>>>>>

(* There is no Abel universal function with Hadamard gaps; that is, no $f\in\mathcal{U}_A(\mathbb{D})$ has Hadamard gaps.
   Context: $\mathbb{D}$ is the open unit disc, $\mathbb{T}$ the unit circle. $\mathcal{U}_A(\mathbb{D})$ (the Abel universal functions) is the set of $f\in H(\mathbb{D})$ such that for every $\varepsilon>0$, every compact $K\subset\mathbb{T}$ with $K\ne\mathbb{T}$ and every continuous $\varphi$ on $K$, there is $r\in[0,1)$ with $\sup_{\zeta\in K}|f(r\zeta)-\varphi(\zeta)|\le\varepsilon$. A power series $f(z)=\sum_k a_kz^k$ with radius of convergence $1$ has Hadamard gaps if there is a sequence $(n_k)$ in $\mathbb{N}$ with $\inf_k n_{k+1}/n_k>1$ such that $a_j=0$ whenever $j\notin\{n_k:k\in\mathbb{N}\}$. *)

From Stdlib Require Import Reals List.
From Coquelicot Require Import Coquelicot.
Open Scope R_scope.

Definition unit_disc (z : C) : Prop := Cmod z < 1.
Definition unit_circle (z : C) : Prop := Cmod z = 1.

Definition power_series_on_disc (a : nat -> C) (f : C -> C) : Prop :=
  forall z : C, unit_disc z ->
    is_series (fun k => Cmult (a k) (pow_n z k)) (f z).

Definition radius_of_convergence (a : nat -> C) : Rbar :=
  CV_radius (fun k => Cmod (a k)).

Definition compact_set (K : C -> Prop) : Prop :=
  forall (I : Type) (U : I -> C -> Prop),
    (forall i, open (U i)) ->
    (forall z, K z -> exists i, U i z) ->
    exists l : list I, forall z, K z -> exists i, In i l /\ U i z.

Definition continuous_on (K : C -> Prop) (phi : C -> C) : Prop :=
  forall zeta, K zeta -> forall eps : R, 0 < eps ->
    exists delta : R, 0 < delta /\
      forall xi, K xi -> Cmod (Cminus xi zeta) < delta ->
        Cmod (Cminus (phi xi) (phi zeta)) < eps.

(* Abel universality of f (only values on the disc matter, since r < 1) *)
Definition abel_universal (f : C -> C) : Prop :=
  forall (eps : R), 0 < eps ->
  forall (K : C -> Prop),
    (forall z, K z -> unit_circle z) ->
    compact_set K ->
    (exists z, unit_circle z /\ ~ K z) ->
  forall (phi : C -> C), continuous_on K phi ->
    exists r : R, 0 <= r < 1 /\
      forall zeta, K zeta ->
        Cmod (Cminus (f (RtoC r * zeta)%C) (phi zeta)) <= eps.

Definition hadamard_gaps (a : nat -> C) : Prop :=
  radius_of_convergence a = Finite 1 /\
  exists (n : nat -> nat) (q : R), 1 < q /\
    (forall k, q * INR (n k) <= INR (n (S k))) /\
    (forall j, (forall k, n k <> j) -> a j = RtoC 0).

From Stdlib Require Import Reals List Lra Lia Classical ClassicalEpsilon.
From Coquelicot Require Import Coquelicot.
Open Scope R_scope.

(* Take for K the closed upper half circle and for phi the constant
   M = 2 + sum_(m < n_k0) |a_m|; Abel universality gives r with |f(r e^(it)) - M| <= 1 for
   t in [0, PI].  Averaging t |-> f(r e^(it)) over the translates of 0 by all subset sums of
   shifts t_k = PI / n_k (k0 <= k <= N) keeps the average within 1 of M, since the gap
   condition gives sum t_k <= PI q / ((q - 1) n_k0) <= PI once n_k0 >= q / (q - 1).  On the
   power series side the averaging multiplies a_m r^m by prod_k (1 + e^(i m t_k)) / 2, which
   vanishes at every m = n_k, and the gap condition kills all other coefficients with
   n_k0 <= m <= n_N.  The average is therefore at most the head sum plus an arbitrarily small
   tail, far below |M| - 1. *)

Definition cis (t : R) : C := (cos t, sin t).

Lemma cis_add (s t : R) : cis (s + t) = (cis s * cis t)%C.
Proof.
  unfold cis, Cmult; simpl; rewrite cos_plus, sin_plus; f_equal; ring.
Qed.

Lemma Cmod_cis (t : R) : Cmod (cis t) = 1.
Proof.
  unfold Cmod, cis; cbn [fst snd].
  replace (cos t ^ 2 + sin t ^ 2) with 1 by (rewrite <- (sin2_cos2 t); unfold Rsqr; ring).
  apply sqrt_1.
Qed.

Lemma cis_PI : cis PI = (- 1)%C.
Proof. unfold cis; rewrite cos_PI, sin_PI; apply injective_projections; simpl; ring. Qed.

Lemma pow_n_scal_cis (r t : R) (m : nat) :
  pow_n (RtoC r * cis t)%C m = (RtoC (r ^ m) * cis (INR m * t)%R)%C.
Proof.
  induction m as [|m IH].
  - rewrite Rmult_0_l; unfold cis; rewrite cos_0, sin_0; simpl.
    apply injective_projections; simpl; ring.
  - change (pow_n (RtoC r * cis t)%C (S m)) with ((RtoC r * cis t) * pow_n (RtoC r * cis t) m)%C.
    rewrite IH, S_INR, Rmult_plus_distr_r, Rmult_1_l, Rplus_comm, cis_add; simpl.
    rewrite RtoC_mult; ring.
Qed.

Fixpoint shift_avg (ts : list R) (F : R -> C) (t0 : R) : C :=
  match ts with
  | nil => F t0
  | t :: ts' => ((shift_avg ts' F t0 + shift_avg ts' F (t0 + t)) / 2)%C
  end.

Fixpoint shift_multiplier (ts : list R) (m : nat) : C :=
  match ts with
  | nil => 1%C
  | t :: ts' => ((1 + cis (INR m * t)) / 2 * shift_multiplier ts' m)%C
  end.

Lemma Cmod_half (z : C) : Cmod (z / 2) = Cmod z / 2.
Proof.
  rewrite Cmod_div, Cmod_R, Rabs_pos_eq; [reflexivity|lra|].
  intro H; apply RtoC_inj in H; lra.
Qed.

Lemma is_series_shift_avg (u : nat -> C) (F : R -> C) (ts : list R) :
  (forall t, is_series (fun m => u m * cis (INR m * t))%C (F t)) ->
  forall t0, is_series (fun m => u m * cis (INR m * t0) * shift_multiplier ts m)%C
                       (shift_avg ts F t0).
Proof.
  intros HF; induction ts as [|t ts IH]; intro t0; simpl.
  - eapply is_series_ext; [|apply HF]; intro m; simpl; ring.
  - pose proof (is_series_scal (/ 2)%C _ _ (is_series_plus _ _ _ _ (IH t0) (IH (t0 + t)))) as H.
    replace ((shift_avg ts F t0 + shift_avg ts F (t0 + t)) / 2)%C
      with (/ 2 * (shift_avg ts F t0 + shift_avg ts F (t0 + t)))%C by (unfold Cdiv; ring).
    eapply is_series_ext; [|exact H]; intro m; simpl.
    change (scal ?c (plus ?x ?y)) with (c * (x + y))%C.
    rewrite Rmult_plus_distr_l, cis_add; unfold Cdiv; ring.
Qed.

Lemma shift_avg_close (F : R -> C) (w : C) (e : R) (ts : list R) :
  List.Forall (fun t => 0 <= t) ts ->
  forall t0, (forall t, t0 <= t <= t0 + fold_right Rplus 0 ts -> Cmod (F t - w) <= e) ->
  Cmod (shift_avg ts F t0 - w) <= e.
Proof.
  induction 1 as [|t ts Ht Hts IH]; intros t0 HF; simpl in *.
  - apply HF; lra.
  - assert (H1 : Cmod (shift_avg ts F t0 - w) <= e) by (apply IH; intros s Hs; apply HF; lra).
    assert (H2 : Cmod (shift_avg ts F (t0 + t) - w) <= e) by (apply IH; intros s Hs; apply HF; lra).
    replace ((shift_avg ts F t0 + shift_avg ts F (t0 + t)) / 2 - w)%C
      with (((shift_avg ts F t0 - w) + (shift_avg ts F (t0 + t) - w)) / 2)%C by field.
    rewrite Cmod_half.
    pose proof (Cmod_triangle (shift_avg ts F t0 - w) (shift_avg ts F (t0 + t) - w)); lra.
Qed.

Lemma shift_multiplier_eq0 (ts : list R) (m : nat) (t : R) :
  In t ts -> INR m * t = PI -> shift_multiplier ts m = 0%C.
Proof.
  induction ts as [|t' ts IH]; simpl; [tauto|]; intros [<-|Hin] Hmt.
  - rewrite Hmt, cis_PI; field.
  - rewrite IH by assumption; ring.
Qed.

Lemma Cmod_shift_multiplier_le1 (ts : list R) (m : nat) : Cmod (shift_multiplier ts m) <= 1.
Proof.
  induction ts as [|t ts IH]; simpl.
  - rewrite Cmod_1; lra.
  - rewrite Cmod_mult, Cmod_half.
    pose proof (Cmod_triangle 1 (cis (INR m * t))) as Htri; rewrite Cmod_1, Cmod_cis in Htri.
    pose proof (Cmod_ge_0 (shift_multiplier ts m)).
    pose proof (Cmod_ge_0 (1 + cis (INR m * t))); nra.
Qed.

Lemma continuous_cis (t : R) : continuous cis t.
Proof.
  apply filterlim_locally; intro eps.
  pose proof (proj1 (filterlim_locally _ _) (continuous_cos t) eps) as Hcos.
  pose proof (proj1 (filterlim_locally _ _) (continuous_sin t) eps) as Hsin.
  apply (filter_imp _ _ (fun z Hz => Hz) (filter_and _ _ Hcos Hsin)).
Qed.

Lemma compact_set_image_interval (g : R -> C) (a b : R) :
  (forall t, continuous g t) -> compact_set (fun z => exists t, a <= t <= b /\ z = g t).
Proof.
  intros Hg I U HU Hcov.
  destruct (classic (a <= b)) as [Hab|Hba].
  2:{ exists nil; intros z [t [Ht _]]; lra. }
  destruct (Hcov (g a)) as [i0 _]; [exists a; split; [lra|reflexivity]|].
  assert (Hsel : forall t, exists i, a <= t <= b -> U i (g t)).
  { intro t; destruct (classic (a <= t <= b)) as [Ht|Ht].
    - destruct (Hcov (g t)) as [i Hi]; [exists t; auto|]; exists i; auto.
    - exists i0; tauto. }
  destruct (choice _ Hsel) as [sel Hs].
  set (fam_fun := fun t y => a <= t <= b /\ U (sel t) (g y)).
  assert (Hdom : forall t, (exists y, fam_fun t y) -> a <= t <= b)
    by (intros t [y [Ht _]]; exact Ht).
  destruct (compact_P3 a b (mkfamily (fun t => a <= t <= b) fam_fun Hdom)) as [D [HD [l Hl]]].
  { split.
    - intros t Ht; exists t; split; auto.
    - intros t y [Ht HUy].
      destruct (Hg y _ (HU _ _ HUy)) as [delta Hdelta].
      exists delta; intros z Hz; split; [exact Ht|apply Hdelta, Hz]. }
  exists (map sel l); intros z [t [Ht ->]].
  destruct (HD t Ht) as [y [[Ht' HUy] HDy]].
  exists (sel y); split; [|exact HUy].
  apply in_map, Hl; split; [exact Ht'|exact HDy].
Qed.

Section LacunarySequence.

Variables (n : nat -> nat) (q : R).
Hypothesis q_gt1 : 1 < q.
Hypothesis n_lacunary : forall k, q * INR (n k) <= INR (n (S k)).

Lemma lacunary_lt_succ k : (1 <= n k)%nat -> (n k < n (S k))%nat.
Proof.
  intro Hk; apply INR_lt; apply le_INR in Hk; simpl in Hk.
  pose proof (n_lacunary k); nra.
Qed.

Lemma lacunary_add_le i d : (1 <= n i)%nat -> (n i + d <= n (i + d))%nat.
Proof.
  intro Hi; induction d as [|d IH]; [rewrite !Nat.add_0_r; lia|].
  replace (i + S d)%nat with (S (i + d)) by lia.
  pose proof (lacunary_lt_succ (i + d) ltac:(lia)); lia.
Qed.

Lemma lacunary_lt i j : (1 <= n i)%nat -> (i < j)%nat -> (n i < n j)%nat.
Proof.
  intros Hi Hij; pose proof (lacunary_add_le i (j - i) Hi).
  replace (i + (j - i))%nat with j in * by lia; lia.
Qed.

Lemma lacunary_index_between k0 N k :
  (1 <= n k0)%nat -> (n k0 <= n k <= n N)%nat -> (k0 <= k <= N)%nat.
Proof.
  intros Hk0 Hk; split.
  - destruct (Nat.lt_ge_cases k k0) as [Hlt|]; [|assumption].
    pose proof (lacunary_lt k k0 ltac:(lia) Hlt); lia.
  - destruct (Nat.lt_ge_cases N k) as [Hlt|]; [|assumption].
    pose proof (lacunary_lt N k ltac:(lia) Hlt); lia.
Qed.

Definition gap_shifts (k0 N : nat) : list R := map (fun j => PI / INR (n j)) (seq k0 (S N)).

<<<<<

Return a word-for-word copy of the lines above from the one holding "Lemma Cmod_cis (t : R) : Cmod (cis t) = 1." through the one holding "Lemma pow_n_scal_cis (r", with both of them included and nothing besides.

Answer for the task:
Lemma Cmod_cis (t : R) : Cmod (cis t) = 1.
Proof.
  unfold Cmod, cis; cbn [fst snd].
  replace (cos t ^ 2 + sin t ^ 2) with 1 by (rewrite <- (sin2_cos2 t); unfold Rsqr; ring).
  apply sqrt_1.
Qed.

Lemma cis_PI : cis PI = (- 1)%C.
Proof. unfold cis; rewrite cos_PI, sin_PI; apply injective_projections; simpl; ring. Qed.

Lemma pow_n_scal_cis (r t : R) (m : nat) :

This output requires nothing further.